Input records
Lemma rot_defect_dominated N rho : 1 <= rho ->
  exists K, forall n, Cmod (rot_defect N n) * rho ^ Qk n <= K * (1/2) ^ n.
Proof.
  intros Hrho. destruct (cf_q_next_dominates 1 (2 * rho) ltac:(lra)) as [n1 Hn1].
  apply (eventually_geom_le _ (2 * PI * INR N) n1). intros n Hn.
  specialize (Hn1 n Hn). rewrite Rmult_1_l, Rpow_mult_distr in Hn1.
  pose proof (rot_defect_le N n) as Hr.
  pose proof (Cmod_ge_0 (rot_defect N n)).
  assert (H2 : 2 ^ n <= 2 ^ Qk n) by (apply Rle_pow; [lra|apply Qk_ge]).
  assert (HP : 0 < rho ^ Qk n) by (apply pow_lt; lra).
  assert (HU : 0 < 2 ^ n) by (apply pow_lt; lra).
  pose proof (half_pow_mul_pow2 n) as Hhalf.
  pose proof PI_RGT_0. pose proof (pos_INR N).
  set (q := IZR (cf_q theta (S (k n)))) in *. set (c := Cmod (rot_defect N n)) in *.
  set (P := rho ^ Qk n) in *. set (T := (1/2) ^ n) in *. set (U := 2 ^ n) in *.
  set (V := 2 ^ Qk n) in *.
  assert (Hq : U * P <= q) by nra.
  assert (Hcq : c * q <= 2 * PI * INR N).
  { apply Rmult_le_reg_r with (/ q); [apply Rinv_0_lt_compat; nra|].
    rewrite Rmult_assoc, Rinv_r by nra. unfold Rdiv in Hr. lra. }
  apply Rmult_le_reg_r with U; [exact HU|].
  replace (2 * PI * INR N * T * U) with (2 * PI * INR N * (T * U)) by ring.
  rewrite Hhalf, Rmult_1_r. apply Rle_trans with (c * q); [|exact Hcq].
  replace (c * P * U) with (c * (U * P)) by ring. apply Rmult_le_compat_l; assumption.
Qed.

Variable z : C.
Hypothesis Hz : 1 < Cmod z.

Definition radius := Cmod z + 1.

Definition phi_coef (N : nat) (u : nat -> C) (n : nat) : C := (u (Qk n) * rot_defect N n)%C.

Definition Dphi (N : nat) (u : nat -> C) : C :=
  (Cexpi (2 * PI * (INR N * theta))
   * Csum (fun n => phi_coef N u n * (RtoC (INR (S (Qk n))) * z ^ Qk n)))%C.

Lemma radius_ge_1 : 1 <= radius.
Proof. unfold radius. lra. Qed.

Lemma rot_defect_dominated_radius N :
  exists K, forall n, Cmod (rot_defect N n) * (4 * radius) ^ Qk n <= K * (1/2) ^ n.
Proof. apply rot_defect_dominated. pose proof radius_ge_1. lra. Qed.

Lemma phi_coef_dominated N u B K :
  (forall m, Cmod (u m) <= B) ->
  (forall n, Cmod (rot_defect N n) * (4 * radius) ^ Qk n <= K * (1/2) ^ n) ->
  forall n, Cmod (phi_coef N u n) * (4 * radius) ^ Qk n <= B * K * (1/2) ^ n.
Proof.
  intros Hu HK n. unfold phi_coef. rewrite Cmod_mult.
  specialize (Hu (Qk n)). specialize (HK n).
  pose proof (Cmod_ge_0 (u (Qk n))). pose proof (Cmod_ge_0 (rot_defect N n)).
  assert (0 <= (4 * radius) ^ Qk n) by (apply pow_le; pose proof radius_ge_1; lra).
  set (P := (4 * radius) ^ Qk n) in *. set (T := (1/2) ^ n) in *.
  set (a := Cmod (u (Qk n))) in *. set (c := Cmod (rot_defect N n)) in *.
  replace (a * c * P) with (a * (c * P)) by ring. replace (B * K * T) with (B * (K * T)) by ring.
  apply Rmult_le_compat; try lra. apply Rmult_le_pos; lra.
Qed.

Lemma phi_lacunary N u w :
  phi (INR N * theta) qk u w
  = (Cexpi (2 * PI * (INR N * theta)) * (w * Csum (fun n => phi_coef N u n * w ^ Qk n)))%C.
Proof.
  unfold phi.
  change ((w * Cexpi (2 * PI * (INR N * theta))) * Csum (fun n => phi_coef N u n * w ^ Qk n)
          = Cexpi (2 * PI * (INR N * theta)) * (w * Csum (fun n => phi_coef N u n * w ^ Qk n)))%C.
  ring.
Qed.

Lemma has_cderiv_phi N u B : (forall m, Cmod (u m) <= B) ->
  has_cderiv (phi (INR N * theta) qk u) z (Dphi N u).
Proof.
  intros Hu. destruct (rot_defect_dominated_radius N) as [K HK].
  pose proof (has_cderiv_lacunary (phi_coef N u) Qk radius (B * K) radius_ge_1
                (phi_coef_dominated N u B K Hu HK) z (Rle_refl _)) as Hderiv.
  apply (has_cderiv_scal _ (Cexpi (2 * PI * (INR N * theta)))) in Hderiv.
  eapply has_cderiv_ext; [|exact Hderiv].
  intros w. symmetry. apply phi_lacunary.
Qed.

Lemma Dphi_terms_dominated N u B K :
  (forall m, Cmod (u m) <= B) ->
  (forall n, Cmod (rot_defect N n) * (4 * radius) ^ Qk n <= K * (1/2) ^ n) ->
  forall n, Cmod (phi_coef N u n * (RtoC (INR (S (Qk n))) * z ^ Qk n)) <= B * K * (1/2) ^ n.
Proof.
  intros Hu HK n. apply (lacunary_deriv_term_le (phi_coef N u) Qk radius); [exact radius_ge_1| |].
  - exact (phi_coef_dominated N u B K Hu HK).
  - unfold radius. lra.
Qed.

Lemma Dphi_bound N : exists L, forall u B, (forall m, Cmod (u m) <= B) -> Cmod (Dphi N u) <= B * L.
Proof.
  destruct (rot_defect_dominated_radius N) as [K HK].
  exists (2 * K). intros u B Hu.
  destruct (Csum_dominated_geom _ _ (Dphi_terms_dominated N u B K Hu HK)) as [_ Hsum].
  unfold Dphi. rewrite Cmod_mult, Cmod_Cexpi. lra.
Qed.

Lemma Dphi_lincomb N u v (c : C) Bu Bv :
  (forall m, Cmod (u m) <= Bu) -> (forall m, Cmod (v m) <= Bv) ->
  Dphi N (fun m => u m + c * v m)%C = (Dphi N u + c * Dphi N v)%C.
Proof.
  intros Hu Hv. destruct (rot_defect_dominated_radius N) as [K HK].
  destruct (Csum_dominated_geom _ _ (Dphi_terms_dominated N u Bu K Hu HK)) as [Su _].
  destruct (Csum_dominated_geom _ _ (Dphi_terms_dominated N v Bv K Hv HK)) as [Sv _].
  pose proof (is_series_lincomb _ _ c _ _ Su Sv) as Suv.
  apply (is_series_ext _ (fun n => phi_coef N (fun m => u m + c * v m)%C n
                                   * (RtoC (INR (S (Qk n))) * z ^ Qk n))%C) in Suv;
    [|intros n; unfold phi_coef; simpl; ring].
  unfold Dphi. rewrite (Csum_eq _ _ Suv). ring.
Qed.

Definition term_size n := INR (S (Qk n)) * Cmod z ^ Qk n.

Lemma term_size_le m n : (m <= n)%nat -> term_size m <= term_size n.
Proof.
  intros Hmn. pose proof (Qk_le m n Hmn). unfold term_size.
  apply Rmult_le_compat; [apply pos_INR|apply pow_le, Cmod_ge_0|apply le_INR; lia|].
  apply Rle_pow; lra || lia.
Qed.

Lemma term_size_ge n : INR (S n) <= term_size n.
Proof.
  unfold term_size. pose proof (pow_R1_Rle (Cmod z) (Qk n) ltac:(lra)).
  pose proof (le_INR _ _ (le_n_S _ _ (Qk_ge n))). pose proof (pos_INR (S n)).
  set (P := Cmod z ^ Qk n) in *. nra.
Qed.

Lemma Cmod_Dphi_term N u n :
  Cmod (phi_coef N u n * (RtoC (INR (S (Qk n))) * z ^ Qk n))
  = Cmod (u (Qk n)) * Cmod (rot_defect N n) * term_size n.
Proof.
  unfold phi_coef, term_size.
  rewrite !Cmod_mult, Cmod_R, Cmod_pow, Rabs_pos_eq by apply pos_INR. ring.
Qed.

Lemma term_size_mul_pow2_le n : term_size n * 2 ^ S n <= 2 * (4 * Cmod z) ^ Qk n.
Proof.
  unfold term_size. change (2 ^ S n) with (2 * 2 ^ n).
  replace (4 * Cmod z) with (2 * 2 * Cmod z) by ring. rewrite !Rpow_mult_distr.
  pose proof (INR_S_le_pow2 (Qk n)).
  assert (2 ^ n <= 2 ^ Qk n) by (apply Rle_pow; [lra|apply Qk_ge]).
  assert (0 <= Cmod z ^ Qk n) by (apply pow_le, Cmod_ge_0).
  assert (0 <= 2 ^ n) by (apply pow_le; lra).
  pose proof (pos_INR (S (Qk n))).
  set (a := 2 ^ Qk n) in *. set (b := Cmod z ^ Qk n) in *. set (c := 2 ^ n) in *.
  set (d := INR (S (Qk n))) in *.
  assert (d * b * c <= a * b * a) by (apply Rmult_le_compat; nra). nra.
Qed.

Problem description
Could you reproduce, exactly, every line above from the line with "exists (2 * K). intros u B Hu." to the line with "(forall m, Cmod (u m) <= Bu)", and no other line? Both ends count.

Result
  exists (2 * K). intros u B Hu.
  destruct (Csum_dominated_geom _ _ (Dphi_terms_dominated N u B K Hu HK)) as [_ Hsum].
  unfold Dphi. rewrite Cmod_mult, Cmod_Cexpi. lra.
Qed.

Lemma Dphi_lincomb N u v (c : C) Bu Bv :
  (forall m, Cmod (u m) <= Bu) -> (forall m, Cmod (v m) <= Bv) ->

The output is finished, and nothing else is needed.